In Augusta, Georgia, a so-called Committee of 100 of "prominent citizens" touched off an epidemic of underassessments some ten years ago by offering illegal tax concessions to firms as an inducement to locate there. The concessions were supposed to be temporary and available only to new industries; but nobody enforced these restrictions and in time the prominent 100 had filched, according to the Richmond County Property Owner's Association, $300 million worth of property from the assessment rolls. Meanwhile many of the county's schools are on double sessions and there is a shortage of 147 classrooms, not including 119 "nonstandard" ones.

School districts in Texas have fared little better. In the Permian Basin the underassessment of oil and gas properties belonging to some of the world's largest producers has cost one school district at least $1 million a year for the last seven years. A 1970 study of oil and gas properties by Texas University law students in Ector County, Texas, found that producing properties were undervalued by about 56 percent and that a non-producing property which Texaco had leased for $460,500 was not on the assessment rolls at all. Homes, on the other hand, were assessed at very close to actual market value.

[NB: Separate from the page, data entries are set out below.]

(* Let $C_g$ and $C_h$ be two monotone curves in $[0,N-k]\times[0,k]$ such that $\lfloor g(j)\rfloor=\lfloor h(j)\rfloor$ for every $j=1,\dots,N-k-1$. Then the links $L_g$ and $L_h$ are isotopic.
   Context: Fix $1\le k<N$. A monotone curve $C_g$ is the graph of a strictly increasing function $g:[0,N-k]\to[0,k]$ with $g(0)=0$, $g(N-k)=k$, and $g(j)\notin\mathbb Z$ for $j=1,\dots,N-k-1$. The link $L_g$ is defined as follows. Map each point $p=(x,g(x))$ of $C_g$ to $(\bar p,\,1-\frac x{N-k})\in T\times[0,1]$, where $\bar p$ is the image of $p$ in the torus $T=\mathbb R^2/\mathbb Z^2$. Then join $((0,0),1)$ to $((0,0),0)$ by a vertical segment. Equivalently, the diagram of $L_g$ on $T$ is the projection of $C_g$. Wherever two points $(x,g(x))$ and $(x',g(x'))$ with $x<x'$ project to the same point, the strand through $(x,g(x))$ is drawn above. $L_g$ is viewed as a link in the thickened torus $T\times[0,1]$, and isotopy is taken there. *)

From HB Require Import structures.
From mathcomp Require Import all_boot all_order all_algebra.
From mathcomp Require Import all_classical all_reals topology normedtype.
Set Implicit Arguments. Unset Strict Implicit. Unset Printing Implicit Defensive.
Import Order.TTheory GRing.Theory Num.Theory numFieldNormedType.Exports.
Local Open Scope classical_set_scope.
Local Open Scope ring_scope.

Section Defs.
Variable R : realType.

(* points of the universal cover R^2 x R of T x R; T x [0,1] is the slab
   modulo the deck group Z^2 acting on the first two coordinates *)
Definition pt := ((R * R) * R)%type.

Definition slab : set pt := [set p | 0 <= p.2 <= 1].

A survey of timber land in six counties and four school districts in east Texas by the same law students disclosed a pattern of underassessment which, if projected over the entire 37-county east Texas region, signified a loss of approximately $38 million in local revenues each year. In the Newton Independent School District alone, six companies, including Champion-U.S. Plywood and the Kirby Corporation, underpaid by more than $133,000 in 1969.

The states themselves have been at least silent partners in much of the systematic undertaxation, the magnitude of which has barely been suggested. Weak local property tax administration, and a lack of effective checks and appeals procedures for the small taxpayer, isolate abuses from public scrutiny and pressure and lets them flourish. Weak property tax administration, and an absence of procedures through which citizens can protect their interests, do not just happen. A state legislature must establish and then preside over them. Property tax administration in many states is a shambles because, in a manner of speaking, the state legislatures have wanted it that way.

The states are vying to offer "favorable tax climates" that will hold old industry and lure new industry in. But a "tax climate" which suits business is not always the one which can provide the public services, including education, that people need. What the businesses won't pay falls upon the individual taxpayer.